=== Begin Enclosure ===
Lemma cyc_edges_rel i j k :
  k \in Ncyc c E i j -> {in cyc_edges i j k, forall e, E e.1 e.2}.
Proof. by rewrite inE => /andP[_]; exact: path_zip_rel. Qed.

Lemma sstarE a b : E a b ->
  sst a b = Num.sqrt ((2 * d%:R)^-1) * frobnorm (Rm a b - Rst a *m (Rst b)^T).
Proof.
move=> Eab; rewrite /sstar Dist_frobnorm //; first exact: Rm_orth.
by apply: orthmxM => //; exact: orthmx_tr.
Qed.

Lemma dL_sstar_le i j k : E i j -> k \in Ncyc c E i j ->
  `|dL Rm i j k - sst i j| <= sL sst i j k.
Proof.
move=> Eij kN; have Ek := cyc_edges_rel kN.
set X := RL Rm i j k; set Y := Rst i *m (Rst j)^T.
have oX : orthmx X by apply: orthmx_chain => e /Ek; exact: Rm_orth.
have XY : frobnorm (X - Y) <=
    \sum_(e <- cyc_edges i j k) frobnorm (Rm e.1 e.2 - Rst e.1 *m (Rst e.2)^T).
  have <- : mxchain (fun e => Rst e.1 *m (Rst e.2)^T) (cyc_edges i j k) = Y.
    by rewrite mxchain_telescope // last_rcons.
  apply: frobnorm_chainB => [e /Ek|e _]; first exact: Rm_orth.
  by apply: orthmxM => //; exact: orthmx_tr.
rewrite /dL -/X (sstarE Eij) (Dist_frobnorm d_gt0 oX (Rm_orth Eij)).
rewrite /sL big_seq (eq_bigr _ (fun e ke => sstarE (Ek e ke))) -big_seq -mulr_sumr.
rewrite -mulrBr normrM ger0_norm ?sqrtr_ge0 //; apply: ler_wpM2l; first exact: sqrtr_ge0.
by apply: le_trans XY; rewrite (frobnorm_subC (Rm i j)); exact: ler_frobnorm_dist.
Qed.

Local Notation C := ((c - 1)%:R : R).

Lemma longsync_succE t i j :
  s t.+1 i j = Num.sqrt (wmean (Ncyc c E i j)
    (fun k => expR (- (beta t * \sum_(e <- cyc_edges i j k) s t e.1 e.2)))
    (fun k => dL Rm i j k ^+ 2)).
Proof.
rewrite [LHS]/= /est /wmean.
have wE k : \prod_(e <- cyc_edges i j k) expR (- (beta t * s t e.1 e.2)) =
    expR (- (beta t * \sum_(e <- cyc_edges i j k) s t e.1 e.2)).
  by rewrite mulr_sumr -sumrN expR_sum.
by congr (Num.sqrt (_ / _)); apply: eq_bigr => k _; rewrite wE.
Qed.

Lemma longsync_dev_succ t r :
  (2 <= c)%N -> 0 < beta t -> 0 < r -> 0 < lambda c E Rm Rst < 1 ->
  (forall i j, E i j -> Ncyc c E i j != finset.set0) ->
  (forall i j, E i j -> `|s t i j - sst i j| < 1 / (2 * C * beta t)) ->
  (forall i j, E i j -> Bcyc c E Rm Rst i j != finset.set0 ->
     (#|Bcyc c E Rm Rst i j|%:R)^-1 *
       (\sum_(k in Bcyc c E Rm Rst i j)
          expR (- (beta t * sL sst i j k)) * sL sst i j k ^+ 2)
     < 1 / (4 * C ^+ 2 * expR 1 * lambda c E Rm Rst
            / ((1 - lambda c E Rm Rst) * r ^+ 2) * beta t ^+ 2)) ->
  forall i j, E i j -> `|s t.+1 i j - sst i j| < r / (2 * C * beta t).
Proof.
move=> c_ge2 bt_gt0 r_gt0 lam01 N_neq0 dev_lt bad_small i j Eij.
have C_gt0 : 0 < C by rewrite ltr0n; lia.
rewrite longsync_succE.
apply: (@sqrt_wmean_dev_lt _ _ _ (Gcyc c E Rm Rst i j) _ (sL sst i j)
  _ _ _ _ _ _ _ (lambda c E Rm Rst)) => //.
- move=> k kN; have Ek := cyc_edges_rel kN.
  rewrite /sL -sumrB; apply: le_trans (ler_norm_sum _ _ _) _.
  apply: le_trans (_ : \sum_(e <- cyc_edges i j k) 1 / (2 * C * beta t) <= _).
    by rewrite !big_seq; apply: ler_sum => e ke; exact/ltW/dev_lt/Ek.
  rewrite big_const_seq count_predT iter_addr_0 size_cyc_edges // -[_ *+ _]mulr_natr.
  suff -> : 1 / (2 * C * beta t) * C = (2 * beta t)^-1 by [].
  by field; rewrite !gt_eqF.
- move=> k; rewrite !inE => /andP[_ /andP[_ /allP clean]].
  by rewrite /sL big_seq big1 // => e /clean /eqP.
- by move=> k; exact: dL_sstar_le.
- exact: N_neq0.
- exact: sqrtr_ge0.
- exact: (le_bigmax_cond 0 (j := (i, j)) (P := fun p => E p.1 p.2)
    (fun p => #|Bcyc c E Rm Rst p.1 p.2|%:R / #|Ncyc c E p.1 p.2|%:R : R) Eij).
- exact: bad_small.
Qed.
=== End Enclosure ===
=== Begin Enclosure ===
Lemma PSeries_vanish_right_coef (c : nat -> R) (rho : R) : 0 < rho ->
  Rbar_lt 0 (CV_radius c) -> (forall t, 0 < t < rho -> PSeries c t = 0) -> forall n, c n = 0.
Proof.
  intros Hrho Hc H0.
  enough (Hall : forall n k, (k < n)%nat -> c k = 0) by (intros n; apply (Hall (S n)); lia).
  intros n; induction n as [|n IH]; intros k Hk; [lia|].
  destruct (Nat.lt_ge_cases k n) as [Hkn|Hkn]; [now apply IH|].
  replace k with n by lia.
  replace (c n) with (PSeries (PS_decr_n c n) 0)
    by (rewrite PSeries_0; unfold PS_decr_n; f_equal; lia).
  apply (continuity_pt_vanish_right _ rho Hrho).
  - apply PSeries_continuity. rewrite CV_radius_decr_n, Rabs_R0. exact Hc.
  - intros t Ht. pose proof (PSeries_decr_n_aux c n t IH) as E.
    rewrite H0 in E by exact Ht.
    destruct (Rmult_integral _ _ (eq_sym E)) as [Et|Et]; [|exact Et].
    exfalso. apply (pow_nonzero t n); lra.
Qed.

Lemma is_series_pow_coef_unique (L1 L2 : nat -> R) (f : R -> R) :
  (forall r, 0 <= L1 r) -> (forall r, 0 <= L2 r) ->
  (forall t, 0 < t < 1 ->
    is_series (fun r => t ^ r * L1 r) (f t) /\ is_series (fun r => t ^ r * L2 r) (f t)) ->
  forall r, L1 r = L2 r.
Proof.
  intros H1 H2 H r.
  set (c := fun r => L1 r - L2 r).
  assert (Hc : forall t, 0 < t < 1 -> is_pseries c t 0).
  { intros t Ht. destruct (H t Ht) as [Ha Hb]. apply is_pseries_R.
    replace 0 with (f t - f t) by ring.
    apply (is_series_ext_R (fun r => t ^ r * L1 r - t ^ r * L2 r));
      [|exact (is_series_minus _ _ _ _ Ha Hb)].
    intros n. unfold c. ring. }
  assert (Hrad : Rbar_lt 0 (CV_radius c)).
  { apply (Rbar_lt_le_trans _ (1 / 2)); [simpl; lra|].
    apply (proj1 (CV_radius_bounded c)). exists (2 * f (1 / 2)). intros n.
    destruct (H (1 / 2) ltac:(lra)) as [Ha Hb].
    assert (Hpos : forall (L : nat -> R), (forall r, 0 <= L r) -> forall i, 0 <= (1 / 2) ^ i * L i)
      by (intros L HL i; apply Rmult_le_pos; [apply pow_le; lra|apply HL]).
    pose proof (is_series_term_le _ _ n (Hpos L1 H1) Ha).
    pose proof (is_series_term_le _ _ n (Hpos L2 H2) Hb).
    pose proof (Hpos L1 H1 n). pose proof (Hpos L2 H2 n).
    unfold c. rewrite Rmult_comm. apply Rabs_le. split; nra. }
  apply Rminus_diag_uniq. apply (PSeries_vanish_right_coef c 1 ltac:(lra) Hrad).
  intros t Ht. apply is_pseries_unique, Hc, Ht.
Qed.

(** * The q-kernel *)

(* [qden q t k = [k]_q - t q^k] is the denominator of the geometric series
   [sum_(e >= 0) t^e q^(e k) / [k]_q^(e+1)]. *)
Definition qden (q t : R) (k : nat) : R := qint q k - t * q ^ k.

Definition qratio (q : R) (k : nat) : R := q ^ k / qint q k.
=== End Enclosure ===
WORK TO COMPLETE - Your answer should be all lines from the data that contain "pose".

SOLUTION FOR THIS TASK -
  - intros t Ht. pose proof (PSeries_decr_n_aux c n t IH) as E.
    pose proof (is_series_term_le _ _ n (Hpos L1 H1) Ha).
    pose proof (is_series_term_le _ _ n (Hpos L2 H2) Hb).
    pose proof (Hpos L1 H1 n). pose proof (Hpos L2 H2 n).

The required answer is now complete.